Ownership Model

    2024-10-10 (last edit: 2024-10-08)

    Why all the fuss?

    Even if you've never seen Rust code before, chances are you still heard the term borrow checker or something about Rust's ownership. Indeed, Rust's ownership model lies at the very core of its uniqueness. But to fully understand it and appreciate it, let's first take a look at how memory management is handled in most popular languages.

    • Garbage Collection - in many high-level programming languages, like Java, Haskell or Python, memory management is done fully by the language, relieving the programmer from this burden. This prevents memory leaks and memory related errors (like use after free), but does come at a cost - there is a runtime overhead, both memory and performance wise, caused by the constantly running garbage collection algorithms and the programmer usually has very little control over when the garbage collection takes place. Also, garbage collection does not prevent concurrency-related errors, such as data races, in any way.

    • Mind your own memory - in low-level languages and specific ones like C++, performance comes first so we cannot really afford to run expansive bookkeeping and cleaning algorithms. Most of these languages compile directly to machine code and have no language-specific runtime environment. That means that the only place where memory management can happen is in the produced code. While compilers insert these construction and destruction calls for stack allocated memory, it generally requires a lot of discipline from the programmer to adhere to good practices and patterns to avoid as many memory related issues as possible and one such bug can be quite deadly to the program and a nightmare to find and fix.

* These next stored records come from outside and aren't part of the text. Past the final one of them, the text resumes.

Close Scope C_scope.
Lemma rsum_ext f g n :
  (forall k, (1 <= k <= n)%nat -> f k = g k) -> rsum_1 f n = rsum_1 g n.
Proof.
  induction n as [|n IH]; intros H; simpl; [reflexivity|].
  rewrite IH, H; [reflexivity | lia |]. intros; apply H; lia.
Qed.

Lemma rsum_le f g n :
  (forall k, (1 <= k <= n)%nat -> f k <= g k) -> rsum_1 f n <= rsum_1 g n.
Proof.
  induction n as [|n IH]; intros H; simpl; [lra|].
  assert (f (S n) <= g (S n)) by (apply H; lia).
  assert (rsum_1 f n <= rsum_1 g n) by (apply IH; intros; apply H; lia). lra.
Qed.

Lemma rsum_zero f n : (forall k, (1 <= k <= n)%nat -> f k = 0) -> rsum_1 f n = 0.
Proof.
  intros H. rewrite (rsum_ext f (fun _ => 0)) by exact H. clear H.
  induction n as [|n IH]; simpl; [reflexivity|]. rewrite IH; ring.
Qed.

Lemma rsum_minus f g n : rsum_1 (fun k => f k - g k) n = rsum_1 f n - rsum_1 g n.
Proof. induction n as [|n IH]; simpl; [ring|]. rewrite IH; ring. Qed.

Lemma rsum_opp f n : rsum_1 (fun k => - f k) n = - rsum_1 f n.
Proof. induction n as [|n IH]; simpl; [ring|]. rewrite IH; ring. Qed.

Lemma rsum_scal_r f c n : rsum_1 (fun k => f k * c) n = rsum_1 f n * c.
Proof. induction n as [|n IH]; simpl; [ring|]. rewrite IH; ring. Qed.

Lemma rsum_const c n : rsum_1 (fun _ => c) n = INR n * c.
Proof.
  induction n as [|n IH]; [simpl; ring|].
  change (rsum_1 (fun _ => c) n + c = INR (S n) * c). rewrite IH, S_INR. ring.
Qed.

These languages basically live by the "your memory, your problem" mantra.

    And then we have Rust. Rust is a systems programming language and in many ways it's akin to C++ - it's basically low-level with many high-level additions. But unlike C++, it doesn't exactly fall into either of the categories described above, though it's way closer to the second one. It performs no additional management at runtime, but instead imposes a set of rules on the code, making it easier to reason about and thus check for its safety and correctness at compile time - these rules make up Rust's ownership model.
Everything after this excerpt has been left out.